Sam Pitroda with Rahul Gandhi

(Image Credit- Lalluram)

Indian Overseas Congress chief Sam Pitroda has once again stirred a hornet’s nest by declaring that when he visits Pakistan, Nepal, or Bangladesh, he never feels like he is in a foreign country. In his words, “I’ve been to Pakistan, and I must tell you, I felt at home.” Pitroda insisted that the Congress party’s foreign policy must first focus on strengthening ties with India’s neighbours. Such a statement, coming at a time when Pakistan continues to bleed India through terror attacks, only shows the Congress’s old habit of placing sentiment over national security and emotion over patriotism. For a party that once presided over India’s weakest years, Pitroda’s remark is just another reminder that Congress leaders feel more comfortable in Pakistan than in their own country.

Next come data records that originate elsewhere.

(* Let $V$ be a vector space of dimension $n$ over a field $\mathcal{F}$, let $\Lambda=(\lambda_{i,j})_{i,j=1,\dots,n}$ be an $n\times n$ matrix all of whose entries are non-zero elements of $\mathcal{F}$, and let $\mathcal{V}=(v_1,\dots,v_n)$ be a basis of $V$. Let $\phi:V\to V$ be a map (not assumed linear) such that for every $v,w\in V$ there is an endomorphism $\phi_{v,w}$ of $V$ which is $\Lambda$-symmetric with respect to $\mathcal{V}$ and satisfies $\phi(v)=\phi_{v,w}(v)$ and $\phi(w)=\phi_{v,w}(w)$. Then $\phi$ is linear.
   Context: For a linear map $\psi:V\to V$, its matrix with respect to $\mathcal{V}$ is $(x_{i,j})_{i,j=1}^n$ where $\psi(v_j)=\sum_{i=1}^n x_{i,j}v_i$. An endomorphism $\psi$ is called $\Lambda$-symmetric with respect to $\mathcal{V}$ if its matrix with respect to $\mathcal{V}$ has the form $(\lambda_{i,j}a_{i,j})_{i,j=1}^n$ for some symmetric matrix $A=(a_{i,j})$ (i.e. $a_{i,j}=a_{j,i}$ for all $i,j$). *)

From mathcomp Require Import all_boot all_order all_algebra.
Set Implicit Arguments. Unset Strict Implicit. Unset Printing Implicit Defensive.
Import GRing.Theory.
Local Open Scope ring_scope.

Definition mat_of_end (F : fieldType) (V : vectType F) (n : nat)
  (B : n.-tuple V) (psi : 'End(V)) : 'M[F]_n :=
  \matrix_(i < n, j < n) coord B i (psi (B`_j)).

Definition Lambda_symmetric (F : fieldType) (V : vectType F) (n : nat)
  (Lam : 'M[F]_n) (B : n.-tuple V) (psi : 'End(V)) : Prop :=
  exists A : 'M[F]_n, A^T = A /\
    mat_of_end B psi = \matrix_(i < n, j < n) (Lam i j * A i j).

From mathcomp Require Import all_boot all_order all_algebra.
Import GRing.Theory.
Set Implicit Arguments.
Unset Strict Implicit.
Unset Printing Implicit Defensive.
Local Open Scope ring_scope.

(* Writing ψ(v_j)_i = λ_ij a_ij with a symmetric gives
   ψ(v_j)_i = (λ_ij / λ_ji) ψ(v_i)_j, so the i-th coordinate of
   ψ(v) = Σ_j v^j ψ(v_j) is a linear form in v whose coefficients depend only
   on ψ(v_i). Applying this to ψ_{v,v_i} shows that every coordinate of φ(v) is
   a fixed linear form in v, with coefficients read off from φ(v_i); hence φ is
   linear. *)

Section LambdaSymmetric.

Variables (F : fieldType) (V : vectType F) (n : nat).
Variables (Lam : 'M[F]_n) (B : n.-tuple V).
Hypothesis hLam : forall i j, Lam i j != 0.

Lemma Lambda_symmetric_coord (psi : 'End(V)) (i j : 'I_n) :
  Lambda_symmetric Lam B psi ->
  coord B i (psi B`_j) = Lam i j / Lam j i * coord B j (psi B`_i).
Proof.
move=> [A [AT hM]].
have entry (k l : 'I_n) : coord B k (psi B`_l) = Lam k l * A k l.
  by have := congr1 (fun M : 'M[F]_n => M k l) hM; rewrite !mxE.
have A_sym : A j i = A i j.
  by have := congr1 (fun M : 'M[F]_n => M i j) AT; rewrite !mxE.
by rewrite !entry A_sym -mulrA mulKf.
Qed.

Hypothesis hB : basis_of fullv B.

Lemma Lambda_symmetric_coordE (psi : 'End(V)) v (k : 'I_n) :
  Lambda_symmetric Lam B psi ->
  coord B k (psi v) =
    \sum_j (Lam k j / Lam j k * coord B j (psi B`_k)) * coord B j v.
Proof.
move=> psi_sym.
rewrite {1}(coord_basis hB (memvf v)) !linear_sum /=.
apply: eq_bigr => j _.
by rewrite !linearZ /= (Lambda_symmetric_coord k j psi_sym) mulrC.
Qed.

Lemma linear_of_coord_linear (f : V -> V) (c : 'I_n -> 'I_n -> F) :
  (forall v k, coord B k (f v) = \sum_j c k j * coord B j v) -> linear f.
Proof.
move=> fE a u w.
rewrite (coord_basis hB (memvf (f (a *: u + w)))).
rewrite [RHS](coord_basis hB (memvf (a *: f u + f w))).
apply: eq_bigr => k _; congr (_ *: _).
rewrite fE linearD linearZ /= !fE mulr_sumr -big_split /=.
by apply: eq_bigr => j _; rewrite linearD linearZ /= mulrDr mulrCA.
Qed.

End LambdaSymmetric.

Theorem theorem2p3 (F : fieldType) (V : vectType F) (n : nat)
  (hdim : \dim (fullv : {vspace V}) = n)
  (Lam : 'M[F]_n) (hLam : forall i j, Lam i j != 0)
  (B : n.-tuple V) (hB : basis_of fullv B)
  (phi : V -> V)
  (hphi : forall v w : V, exists psi : 'End(V),
      Lambda_symmetric Lam B psi /\ phi v = psi v /\ phi w = psi w) :
  linear phi.
Proof.
apply: (linear_of_coord_linear hB
  (c := fun k j => Lam k j / Lam j k * coord B j (phi B`_k))) => v k.
have [psi [psi_sym [-> ->]]] := hphi v B`_k.
exact: Lambda_symmetric_coordE.
Qed.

This is not the first time the Congress ecosystem has displayed its soft corner for separatists, terrorists, and even hostile nations. During the UPA era, India saw a dangerous pattern of appeasement. One glaring example came when former Prime Minister Manmohan Singh indirectly lent legitimacy to separatist leaders like Yasin Malik, who was later convicted as a terrorist responsible for mass killings, terror funding, and driving Kashmiri Pandits out of the Valley. Instead of isolating such figures, Congress governments allowed them platforms and treated them as stakeholders in “dialogue.” This emboldened separatists and weakened India’s stance on Kashmir internationally. The Congress’s willingness to give respect to men like Yasin Malik shows the party’s moral bankruptcy and lack of spine against forces that openly wage war against India.

The Congress’s indulgence of separatists is part of a broader pattern where the party has repeatedly bled for terrorists rather than standing with the victims. Be it defending Afzal Guru in Parliament, demanding clemency for Yakub Memon, or raising questions against India’s surgical strikes, the Congress has often chosen to sympathize with those who harm India instead of those who defend it. At every step, Congress leaders from Digvijay Singh peddling conspiracy theories about the Batla House encounter to Salman Khurshid comparing Hafiz Saeed’s language to that of Hindus have shown their discomfort in confronting terror head on. It is not surprising that Pitroda today feels “at home” in Pakistan; after all, the party he represents has always considered terrorists and their patrons as people worthy of dialogue, not punishment.

Nowhere is this weakness more glaring than in Congress’s policy towards Pakistan itself. After the 26/11 Mumbai terror attacks, India witnessed the most brutal assault on its soil since Kargil. For three full days, terrorists trained and guided by Pakistan’s ISI and Lashkar e Taiba held Mumbai hostage, killing over 170 innocent Indians, including foreigners. The world stood with India, expecting strong retaliatory action. Yet, what did the Congress led UPA government do? It restricted itself to file sharing, dossier diplomacy, and candle marches. Pakistan paid no price. Terror masterminds like Hafiz Saeed roamed freely under ISI protection, mocking India in public rallies. The then Prime Minister Manmohan Singh, instead of taking decisive action, spoke of “peace processes” and “dialogues.” This monumental failure signaled to Pakistan that India under Congress would never retaliate militarily, thereby emboldening the terror state to keep bleeding India with impunity.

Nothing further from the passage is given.